Dataset excerpts START

(* Let $c\ge2$, let $G$ be a graph, $k\ge0$, $v\in V(G)$, and let $H_v\subseteq V(G)\setminus\{v\}$ be such that $G\setminus H_v$ contains no $\theta_c$ minor. Let $D_1,\dots,D_s$ be the connected components of $G\setminus(H_v\cup\{v\})$ that contain a neighbor of $v$, and assume each $D_i$ contains a vertex adjacent to some vertex of $H_v$. Let $\mathcal{G}$ be the bipartite graph with parts $H_v$ and $D=\{d_1,\dots,d_s\}$, where $w\in H_v$ is adjacent to $d_i$ iff $w$ has a neighbor in $D_i$. Let $S\subseteq H_v$ and $T\subseteq D$ be such that $S$ has $|S|$ $c$-stars in $T$ in $\mathcal{G}$ and every neighbor in $\mathcal{G}$ of a vertex of $T$ lies in $S$. Let $G_R$ be obtained from $G$ by deleting all edges between $v$ and vertices of $\bigcup_{d_i\in T}D_i$, and, for each $w\in S$, adding edges between $v$ and $w$ so that $v$ and $w$ are joined by at least $c$ parallel edges (adding none if they already are). Then $G$ has a set of at most $k$ vertices whose deletion leaves a graph with no $\theta_c$ minor if and only if $G_R$ has such a set.
   Context: Graphs may have parallel edges; contraction keeps parallel edges and deletes loops. $\theta_c$ is the graph with two vertices joined by $c$ parallel edges. In a bipartite graph with parts $A,B$, for $S\subseteq A$, $T\subseteq B$, $S$ has $|S|$ $c$-stars in $T$ if to each $x\in S$ one can associate $F_x\subseteq N(x)\cap T$ with $|F_x|=c$ and $F_x\cap F_y=\emptyset$ for distinct $x,y\in S$. *)

From mathcomp Require Import all_boot.
Set Implicit Arguments. Unset Strict Implicit. Unset Printing Implicit Defensive.

(* A (multi)graph on the finite vertex type V: m x y = number of parallel
   edges between x and y; symmetric and loopless. *)
Definition is_multigraph (V : finType) (m : V -> V -> nat) : Prop :=
  (forall x y, m x y = m y x) /\ (forall x, m x x = 0).

Definition adj_in (V : finType) (m : V -> V -> nat) (A : {set V}) : rel V :=
  fun a b => [&& a \in A, b \in A & 0 < m a b].

Definition connected_in (V : finType) (m : V -> V -> nat) (A : {set V}) : Prop :=
  forall x y, x \in A -> y \in A -> connect (adj_in m A) x y.

(* A model of the multigraph (W, mH) as a minor of G[U] where G = (V, m):
   pairwise disjoint nonempty connected branch sets inside U, and for each
   pair of distinct vertices of H at least as many G-edges between the
   corresponding branch sets as parallel edges in H. *)
Definition minor_model (V W : finType) (m : V -> V -> nat) (U : {set V})
    (mH : W -> W -> nat) (phi : W -> {set V}) : Prop :=
  [/\ forall w, phi w \subset U,
      forall w, phi w != set0,
      forall w1 w2, w1 != w2 -> [disjoint phi w1 & phi w2],
      forall w, connected_in m (phi w) &
      forall w1 w2, w1 != w2 ->
        mH w1 w2 <= \sum_(x in phi w1) \sum_(y in phi w2) m x y].

Definition has_minor_in (V W : finType) (m : V -> V -> nat) (U : {set V})
    (mH : W -> W -> nat) : Prop :=
  exists phi : W -> {set V}, minor_model m U mH phi.

Definition theta (c : nat) : bool -> bool -> nat :=
  fun x y => if x != y then c else 0.

Definition theta_free_after (V : finType) (m : V -> V -> nat) (c : nat)
    (X : {set V}) : Prop :=
  ~ has_minor_in m (~: X) (theta c).

Definition theta_deletion (V : finType) (m : V -> V -> nat) (c k : nat) : Prop :=
  exists X : {set V}, #|X| <= k /\ theta_free_after m c X.

Definition comp_in (V : finType) (m : V -> V -> nat) (U : {set V}) (x : V)
  : {set V} := [set y in U | connect (adj_in m U) x y].

Definition Dcomps (V : finType) (m : V -> V -> nat) (H : {set V}) (v : V)
  : {set {set V}} :=
  let U := ~: (H :|: [set v]) in
  [set comp_in m U x | x in [set x in U | 0 < m v x]].

(* adjacency in the auxiliary bipartite graph: w has a neighbour in C *)
Definition badj (V : finType) (m : V -> V -> nat) (w : V) (C : {set V}) : bool :=
  [exists y in C, 0 < m w y].

Definition has_c_stars (V : finType) (m : V -> V -> nat) (c : nat)
    (S : {set V}) (T : {set {set V}}) : Prop :=
  exists F : V -> {set {set V}},
    (forall x, x \in S -> F x \subset T /\ (forall C, C \in F x -> badj m x C)
                       /\ #|F x| = c) /\
    (forall x y, x \in S -> y \in S -> x != y -> [disjoint F x & F y]).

Dataset excerpts END

# The problem
When you copy the data, keep every line word for word.

# Answer box
(* Let $c\ge2$, let $G$ be a graph, $k\ge0$, $v\in V(G)$, and let $H_v\subseteq V(G)\setminus\{v\}$ be such that $G\setminus H_v$ contains no $\theta_c$ minor. Let $D_1,\dots,D_s$ be the connected components of $G\setminus(H_v\cup\{v\})$ that contain a neighbor of $v$, and assume each $D_i$ contains a vertex adjacent to some vertex of $H_v$. Let $\mathcal{G}$ be the bipartite graph with parts $H_v$ and $D=\{d_1,\dots,d_s\}$, where $w\in H_v$ is adjacent to $d_i$ iff $w$ has a neighbor in $D_i$. Let $S\subseteq H_v$ and $T\subseteq D$ be such that $S$ has $|S|$ $c$-stars in $T$ in $\mathcal{G}$ and every neighbor in $\mathcal{G}$ of a vertex of $T$ lies in $S$. Let $G_R$ be obtained from $G$ by deleting all edges between $v$ and vertices of $\bigcup_{d_i\in T}D_i$, and, for each $w\in S$, adding edges between $v$ and $w$ so that $v$ and $w$ are joined by at least $c$ parallel edges (adding none if they already are). Then $G$ has a set of at most $k$ vertices whose deletion leaves a graph with no $\theta_c$ minor if and only if $G_R$ has such a set.
   Context: Graphs may have parallel edges; contraction keeps parallel edges and deletes loops. $\theta_c$ is the graph with two vertices joined by $c$ parallel edges. In a bipartite graph with parts $A,B$, for $S\subseteq A$, $T\subseteq B$, $S$ has $|S|$ $c$-stars in $T$ if to each $x\in S$ one can associate $F_x\subseteq N(x)\cap T$ with $|F_x|=c$ and $F_x\cap F_y=\emptyset$ for distinct $x,y\in S$. *)

From mathcomp Require Import all_boot.
Set Implicit Arguments. Unset Strict Implicit. Unset Printing Implicit Defensive.

(* A (multi)graph on the finite vertex type V: m x y = number of parallel
   edges between x and y; symmetric and loopless. *)
Definition is_multigraph (V : finType) (m : V -> V -> nat) : Prop :=
  (forall x y, m x y = m y x) /\ (forall x, m x x = 0).

Definition adj_in (V : finType) (m : V -> V -> nat) (A : {set V}) : rel V :=
  fun a b => [&& a \in A, b \in A & 0 < m a b].

Definition connected_in (V : finType) (m : V -> V -> nat) (A : {set V}) : Prop :=
  forall x y, x \in A -> y \in A -> connect (adj_in m A) x y.

(* A model of the multigraph (W, mH) as a minor of G[U] where G = (V, m):
   pairwise disjoint nonempty connected branch sets inside U, and for each
   pair of distinct vertices of H at least as many G-edges between the
   corresponding branch sets as parallel edges in H. *)
Definition minor_model (V W : finType) (m : V -> V -> nat) (U : {set V})
    (mH : W -> W -> nat) (phi : W -> {set V}) : Prop :=
  [/\ forall w, phi w \subset U,
      forall w, phi w != set0,
      forall w1 w2, w1 != w2 -> [disjoint phi w1 & phi w2],
      forall w, connected_in m (phi w) &
      forall w1 w2, w1 != w2 ->
        mH w1 w2 <= \sum_(x in phi w1) \sum_(y in phi w2) m x y].

Definition has_minor_in (V W : finType) (m : V -> V -> nat) (U : {set V})
    (mH : W -> W -> nat) : Prop :=
  exists phi : W -> {set V}, minor_model m U mH phi.

Definition theta (c : nat) : bool -> bool -> nat :=
  fun x y => if x != y then c else 0.

Definition theta_free_after (V : finType) (m : V -> V -> nat) (c : nat)
    (X : {set V}) : Prop :=
  ~ has_minor_in m (~: X) (theta c).

Definition theta_deletion (V : finType) (m : V -> V -> nat) (c k : nat) : Prop :=
  exists X : {set V}, #|X| <= k /\ theta_free_after m c X.

Definition comp_in (V : finType) (m : V -> V -> nat) (U : {set V}) (x : V)
  : {set V} := [set y in U | connect (adj_in m U) x y].

Definition Dcomps (V : finType) (m : V -> V -> nat) (H : {set V}) (v : V)
  : {set {set V}} :=
  let U := ~: (H :|: [set v]) in
  [set comp_in m U x | x in [set x in U | 0 < m v x]].

(* adjacency in the auxiliary bipartite graph: w has a neighbour in C *)
Definition badj (V : finType) (m : V -> V -> nat) (w : V) (C : {set V}) : bool :=
  [exists y in C, 0 < m w y].

Definition has_c_stars (V : finType) (m : V -> V -> nat) (c : nat)
    (S : {set V}) (T : {set {set V}}) : Prop :=
  exists F : V -> {set {set V}},
    (forall x, x \in S -> F x \subset T /\ (forall C, C \in F x -> badj m x C)
                       /\ #|F x| = c) /\
    (forall x y, x \in S -> y \in S -> x != y -> [disjoint F x & F y]).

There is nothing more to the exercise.